(* Let $r,c\ge1$, $n=r+c$, $X_1,X_2$ as below, and $1\le K\le 2^{\min(r,c)}$. For every quantum algorithm $\mathcal A$ making $T$ queries to $\varphi$ and $\varphi^{-1}$, if for every permutation $\varphi$ of $\{0,1\}^n$ with exactly $K$ $X$-pairs $\mathcal A$ outputs an $X$-pair $(x,y)\in X_1\times X_2$ with $\varphi(x)=y$ with probability at least $\epsilon>0$, then $$\epsilon\le\frac{8(T+1)^2K}{2^{\min(r,c)}}.$$
   Context: $X_1\subset\{0,1\}^n$ is the set of strings ending in $0^c$, $X_2\subset\{0,1\}^n$ the set of strings beginning with $0^r$; an $X$-pair of $\varphi$ is $(x,y)\in X_1\times X_2$ with $\varphi(x)=y$. Queries are to the unitaries $O_\varphi:|a\rangle|b\rangle\mapsto|a\rangle|b\oplus\varphi(a)\rangle$ and $O_{\varphi^{-1}}:|a\rangle|b\rangle\mapsto|a\rangle|b\oplus\varphi^{-1}(a)\rangle$; success probability is over the algorithm's randomness and measurements. *)

From HB Require Import structures.
From mathcomp Require Import all_boot all_order all_algebra all_fingroup.
From mathcomp Require Import complex.
From mathcomp Require Import reals.
Set Implicit Arguments. Unset Strict Implicit. Unset Printing Implicit Defensive.
Import Order.TTheory GRing.Theory Num.Theory.
Local Open Scope ring_scope.

(* n-bit strings; bit 0 is the first (leftmost) bit. *)
Definition bits (n : nat) := {ffun 'I_n -> bool}.

Definition bxor n (a b : bits n) : bits n := [ffun i => a i (+) b i].

(* X_1: strings of length r+c ending in 0^c ; X_2: strings beginning with 0^r *)
Definition inX1 (r c : nat) (x : bits (r + c)) : bool :=
  [forall i : 'I_(r + c), (r <= i)%N ==> ~~ x i].
Definition inX2 (r c : nat) (y : bits (r + c)) : bool :=
  [forall i : 'I_(r + c), (i < r)%N ==> ~~ y i].

Definition Xpair r c (phi : {perm bits (r + c)}) (p : bits (r + c) * bits (r + c)) : bool :=
  [&& @inX1 r c p.1, @inX2 r c p.2 & phi p.1 == p.2].

Definition num_Xpairs r c (phi : {perm bits (r + c)}) : nat :=
  #|[set x : bits (r + c) | @inX1 r c x && @inX2 r c (phi x)]|.

(* Quantum state space: query input register, query output register, workspace W.
   States are amplitude vectors S -> R[i]; operators are kernels S -> S -> R[i]. *)
Definition qspace n (W : finType) := (bits n * bits n * W)%type.

Definition apply_op (R : rcfType) (S : finType) (U : S -> S -> R[i]) (v : S -> R[i]) : S -> R[i] :=
  fun s => \sum_(t : S) U s t * v t.

Definition op_unitary (R : rcfType) (S : finType) (U : S -> S -> R[i]) : Prop :=
  forall s t : S, \sum_(k : S) (U k s)^* * U k t = (s == t)%:R.

(* Oracle O_f : |a>|b>|w> |-> |a>|b xor f(a)>|w>  (an involution, so this is its action
   on amplitude vectors). *)
Definition oracle (R : rcfType) n (W : finType) (f : bits n -> bits n)
  (v : qspace n W -> R[i]) : qspace n W -> R[i] :=
  fun s => v (s.1.1, bxor s.1.2 (f s.1.1), s.2).

Definition basis_vec (R : rcfType) (S : finType) (s0 : S) : S -> R[i] :=
  fun s => (s == s0)%:R.

(* State after the initial unitary U 0 and k queries: the j-th query (j = 0..k-1) is to
   phi if dir j, to phi^-1 otherwise, and is followed by the unitary U (j+1). *)
Fixpoint qstate (R : rcfType) n (W : finType) (phi : {perm bits n})
  (s0 : qspace n W) (U : nat -> qspace n W -> qspace n W -> R[i]) (dir : nat -> bool)
  (k : nat) : qspace n W -> R[i] :=
  match k with
  | 0 => apply_op (U 0%N) (basis_vec R s0)
  | k'.+1 => apply_op (U k)
      (oracle (if dir k' then (phi : bits n -> bits n) else (phi^-1)%g) (qstate phi s0 U dir k'))
  end.

(* Success probability: measure all registers in the computational basis after T queries
   and output out(s); success iff the output is an X-pair of phi. *)
Definition success_prob (R : rcfType) r c (W : finType) (phi : {perm bits (r + c)})
  (s0 : qspace (r + c) W) (U : nat -> qspace (r + c) W -> qspace (r + c) W -> R[i])
  (dir : nat -> bool) (out : qspace (r + c) W -> bits (r + c) * bits (r + c)) (T : nat) : R[i] :=
  \sum_(s : qspace (r + c) W | Xpair phi (out s)) `|qstate phi s0 U dir T s| ^+ 2.
Lemma refines_push_part (r : {set {set 'I_N}}) (s : {set {set 'I_m}}) :
  is_part r -> is_part s -> refines (push_part r) s = refines r (preim_part s).
Proof.
move=> Pr Ps; have Pfs := preim_part_is_part Ps.
apply/(refinesP (push_part_is_part Pr) Ps)/(refinesP Pr Pfs) => rs.
  move=> k k' kk'; rewrite pblock_preim_part // inE; apply: rs; rewrite pblock_push_part //.
  by apply: connect1; apply/existsP; exists k; apply/existsP; exists k'; rewrite kk' !eqxx.
move=> i i'; rewrite pblock_push_part //.
have s_closed : closed (push_rel r) (pblock s i).
  apply: (intro_closed (sym_connect_sym (push_rel_sym Pr))).
  move=> x y /existsP [k /existsP [k' /and3P [kk' /eqP fk /eqP fk']]] xi.
  have := rs _ _ kk'; rewrite pblock_preim_part // inE fk fk' => yx.
  exact: pblock_trans Ps xi yx.
by move/(closed_connect s_closed) <-; apply: pblock_refl.
Qed.

Lemma preim_push_refines (d : {set {set 'I_N}}) : is_part d ->
  refines (preim_part (zero_part m)) d -> refines (preim_part (push_part d)) d.
Proof.
move=> Pd /(refines_kernel_part Pd) kd.
apply/(refinesP (preim_part_is_part (push_part_is_part Pd)) Pd) => k k'.
rewrite pblock_preim_part ?push_part_is_part // inE pblock_push_part //.
pose a := [set i | [exists k2, (k2 \in pblock d k) && (f k2 == i)]].
have a_closed : closed (push_rel d) a.
  apply: (intro_closed (sym_connect_sym (push_rel_sym Pd))).
  move=> x y /existsP [k1 /existsP [k2 /and3P [k12 /eqP <- /eqP <-]]].
  rewrite !inE => /existsP [k3 /andP [k3k /eqP f31]].
  apply/existsP; exists k2; rewrite eqxx andbT.
  exact: pblock_trans Pd k3k (pblock_trans Pd (kd _ _ (esym f31)) k12).
have fk_a : f k \in a by rewrite inE; apply/existsP; exists k; rewrite pblock_refl ?eqxx.
move/(closed_connect a_closed); rewrite fk_a inE => /esym/existsP [k3 /andP [k3k /eqP fk3]].
exact: pblock_trans Pd k3k (kd _ _ (esym fk3)).
Qed.

Lemma is_join_preim_part (r : {set {set 'I_N}}) (p : {set {set 'I_m}}) :
  is_part r -> is_part p ->
  is_join r (preim_part (zero_part m)) (preim_part p) = (push_part r == p).
Proof.
move=> Pr Pp; have Pq := push_part_is_part Pr; have P0 := zero_part_is_part m.
apply/and4P/eqP => [[_ rp _ /forallP join_r]|<-].
  rewrite -refines_push_part // in rp; apply: refines_antisym rp _ => //.
  have := join_r (preim_part (push_part r)).
  rewrite preim_part_is_part // -refines_push_part // refines_refl.
  by rewrite !refines_preim_part // zero_part_refines //; apply.
split; first exact: preim_part_is_part.
- by rewrite -refines_push_part // refines_refl.
- by rewrite refines_preim_part // zero_part_refines.
apply/forallP => d; apply/implyP => Pd; apply/implyP => rd; apply/implyP => kd.
have Pqd := push_part_is_part Pd.
apply: refines_trans (preim_push_refines Pd kd).
rewrite refines_preim_part // refines_push_part //; apply: refines_trans rd _.
by rewrite -refines_push_part // refines_refl.
Qed.

End PreimagePartition.

Lemma big_enumT (R : Type) (idx : R) (op : R -> R -> R) (T : finType) (F : T -> R) :
  \big[op/idx]_(i <- enum T) F i = \big[op/idx]_(i : T) F i.
Proof. by rewrite enumT unlock. Qed.

Section Flattening.
Variables (m : nat) (n_ : 'I_m -> nat).
Local Notation N := (\sum_(i < m) n_ i).

Lemma size_owners : size (owners n_) = N.
Proof.
rewrite /owners size_flatten /shape -map_comp sumnE big_map big_enumT.
by apply: eq_bigr => i _; rewrite /= size_nseq.
Qed.

Lemma owner_lt (k : 'I_N) : (nth 0%N (owners n_) k < m)%N.
Proof.
have : nth 0%N (owners n_) k \in owners n_ by rewrite mem_nth // size_owners.
case/flattenP => s /mapP [i _ ->]; rewrite mem_nseq => /andP [_ /eqP ->].
exact: ltn_ord.
Qed.

Definition owner (k : 'I_N) : 'I_m := Ordinal (owner_lt k).

Lemma owner_surj : (forall i, 0 < n_ i)%N -> forall i, exists k, owner k = i.
Proof.
move=> n_gt0 i; have i_owner : val i \in owners n_.
  apply/flattenP; exists (nseq (n_ i) (val i)); last by rewrite mem_nseq n_gt0 eqxx.
  by apply/mapP; exists i; rewrite ?mem_enum.
have lt_iN : (index (val i) (owners n_) < N)%N by rewrite -size_owners index_mem.
by exists (Ordinal lt_iN); apply: val_inj; rewrite /= nth_index.
Qed.

Lemma tilde_preim (s : {set {set 'I_m}}) : tilde n_ s = preim_part owner s.
Proof.
apply: eq_imset => B; apply/setP => k; rewrite !inE.
apply/existsP/idP => [[i /andP [iB /eqP ki]]|kB]; last by exists (owner k); rewrite kB eqxx.
by rewrite (_ : owner k = i) //; apply: val_inj.
Qed.

Lemma big_flatX (T : zmodType) (X : forall i, 'I_(n_ i) -> T)
    (R : Type) (idx : R) (op : Monoid.law idx) (F : 'I_m -> T -> R) :
  \big[op/idx]_(k < N) F (owner k) (flatX X k)
  = \big[op/idx]_(i < m) \big[op/idx]_(j < n_ i) F i (X i j).
Proof.
pose tagged := flatten [seq [seq (val i, X i j) | j <- enum 'I_(n_ i)] | i <- enum 'I_m].
(* The tags are values of ordinals, so the default [idx] of [G] is never used. *)
pose G (p : nat * T) := if insub p.1 is Some i then F i p.2 else idx.
have tagged_fst : map fst tagged = owners n_.
  rewrite map_flatten -map_comp; congr flatten; apply: eq_map => i /=.
  by rewrite -map_comp -[in RHS](size_enum_ord (n_ i)); elim: (enum _) => //= j s ->.
have tagged_snd : map snd tagged = flatten [seq [seq X i j | j <- enum 'I_(n_ i)] | i <- enum 'I_m].
  by rewrite map_flatten -map_comp; congr flatten; apply: eq_map => i /=; rewrite -map_comp.
have size_tagged : size tagged = N by rewrite -(size_map fst) tagged_fst size_owners.
transitivity (\big[op/idx]_(p <- tagged) G p).
  rewrite (big_nth (0%N, 0)) size_tagged big_mkord; apply: eq_bigr => k _.
  have tag_k : (nth (0%N, 0) tagged k).1 = val (owner k).
    by rewrite -(nth_map _ 0%N) ?size_tagged // tagged_fst.
  by rewrite /G /flatX -tagged_snd (nth_map (0%N, 0)) ?size_tagged // tag_k valK.
rewrite big_flatten big_map big_enumT; apply: eq_bigr => i _.
by rewrite big_map big_enumT; apply: eq_bigr => j _; rewrite /G /= valK.
Qed.

End Flattening.

Arguments owner {m} n_ k.

Section Cumulants.
Variables (C : fieldType) (A : algType C) (phi : A -> C) (E : exch_system phi).
Variables (m : nat) (n_ : 'I_m -> nat) (X : forall i : 'I_m, 'I_(n_ i) -> A).
Arguments X : clear implicits.
Hypothesis n_gt0 : forall i, (0 < n_ i)%N.
Local Notation N := (\sum_(i < m) n_ i).
Local Notation prodX := (fun i => \prod_(j < n_ i) X i j).

Lemma phi_part_tilde (s : {set {set 'I_m}}) : is_part s ->
  phi_part E (tilde n_ s) (flatX X) = phi_part E s prodX.
Proof.
move=> Ps; have owner_onto := owner_surj n_gt0.
rewrite /phi_part tilde_preim.
rewrite (@exphi_prod_kernel _ _ _ E _ _ _ (fun k => pickle (pblock s (owner n_ k)))); last first.
  move=> k k'; rewrite !pblock_preim_part // !(inj_eq (pcan_inj pickleK_inv)).
  exact: eq_preimset.
rewrite (big_flatX X _ (fun i => exiota E (pickle (pblock s i)))).
by congr exphi; apply: eq_bigr => i _; rewrite rmorph_prod.
Qed.

Lemma sum_Kpart_push (p : {set {set 'I_m}}) : is_part p ->
  \sum_(s : {set {set 'I_m}} | is_part s && refines s p)
     \sum_(r : {set {set 'I_N}} | is_part r && (push_part (owner n_) r == s)) Kpart E r (flatX X)
  = phi_part E p prodX.
Proof.
move=> Pp; have owner_onto := owner_surj n_gt0.
rewrite (exchange_big_dep (fun r => is_part r && refines (push_part (owner n_) r) p)) /=;
  last by move=> s r /andP [_ sp] /andP [Pr /eqP ->]; rewrite Pr.
rewrite (eq_bigr (fun r => Kpart E r (flatX X))); last first.
  move=> r /andP [Pr rp]; rewrite (big_pred1 (push_part (owner n_) r)) // => s.
  by rewrite eq_sym andbC Pr /=; case: eqP => // ->; rewrite push_part_is_part.
rewrite (eq_bigl (fun r => is_part r && refines r (preim_part (owner n_) p))); last first.
  by move=> r; case Pr: (is_part r); rewrite //= refines_push_part.
by rewrite (sum_mobius_transform (fun s => phi_part E s (flatX X))) ?preim_part_is_part
  // -tilde_preim phi_part_tilde.
Qed.

End Cumulants.

Theorem proposition3p4 (R : realType) (A : algType R[i]) (phi : A -> R[i])
  (E : exch_system phi) (m : nat) (n_ : 'I_m -> nat)
  (X : forall i : 'I_m, 'I_(n_ i) -> A) (pi : {set {set 'I_m}}) :
  (forall i, (0 < n_ i)%N) ->
  partition pi [set: 'I_m] ->
  Kpart E pi (fun i => \prod_(j < n_ i) X i j)
  = \sum_(s : {set {set 'I_(\sum_(i < m) n_ i)}} |
            is_part s && is_join s (tilde n_ (zero_part m)) (tilde n_ pi))
      Kpart E s (flatX X).
Proof.
move=> n_gt0 Ppi.
rewrite (eq_bigl (fun r => is_part r && (push_part (owner n_) r == pi))); last first.
  move=> r; case Pr: (is_part r) => //=.
  by rewrite !tilde_preim is_join_preim_part //; apply: owner_surj.
exact/esym/(mobius_inversion (sum_Kpart_push E X n_gt0)).
Qed.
——
#### What the task requires:
Copy the entries above exactly, but only from the line holding "From mathcomp Require Import reals." through the line holding "[forall i : 'I_(r + c), (i", both included.

#### Task answer:
From mathcomp Require Import reals.
Set Implicit Arguments. Unset Strict Implicit. Unset Printing Implicit Defensive.
Import Order.TTheory GRing.Theory Num.Theory.
Local Open Scope ring_scope.

(* n-bit strings; bit 0 is the first (leftmost) bit. *)
Definition bits (n : nat) := {ffun 'I_n -> bool}.

Definition bxor n (a b : bits n) : bits n := [ffun i => a i (+) b i].

(* X_1: strings of length r+c ending in 0^c ; X_2: strings beginning with 0^r *)
Definition inX1 (r c : nat) (x : bits (r + c)) : bool :=
  [forall i : 'I_(r + c), (r <= i)%N ==> ~~ x i].
Definition inX2 (r c : nat) (y : bits (r + c)) : bool :=
  [forall i : 'I_(r + c), (i < r)%N ==> ~~ y i].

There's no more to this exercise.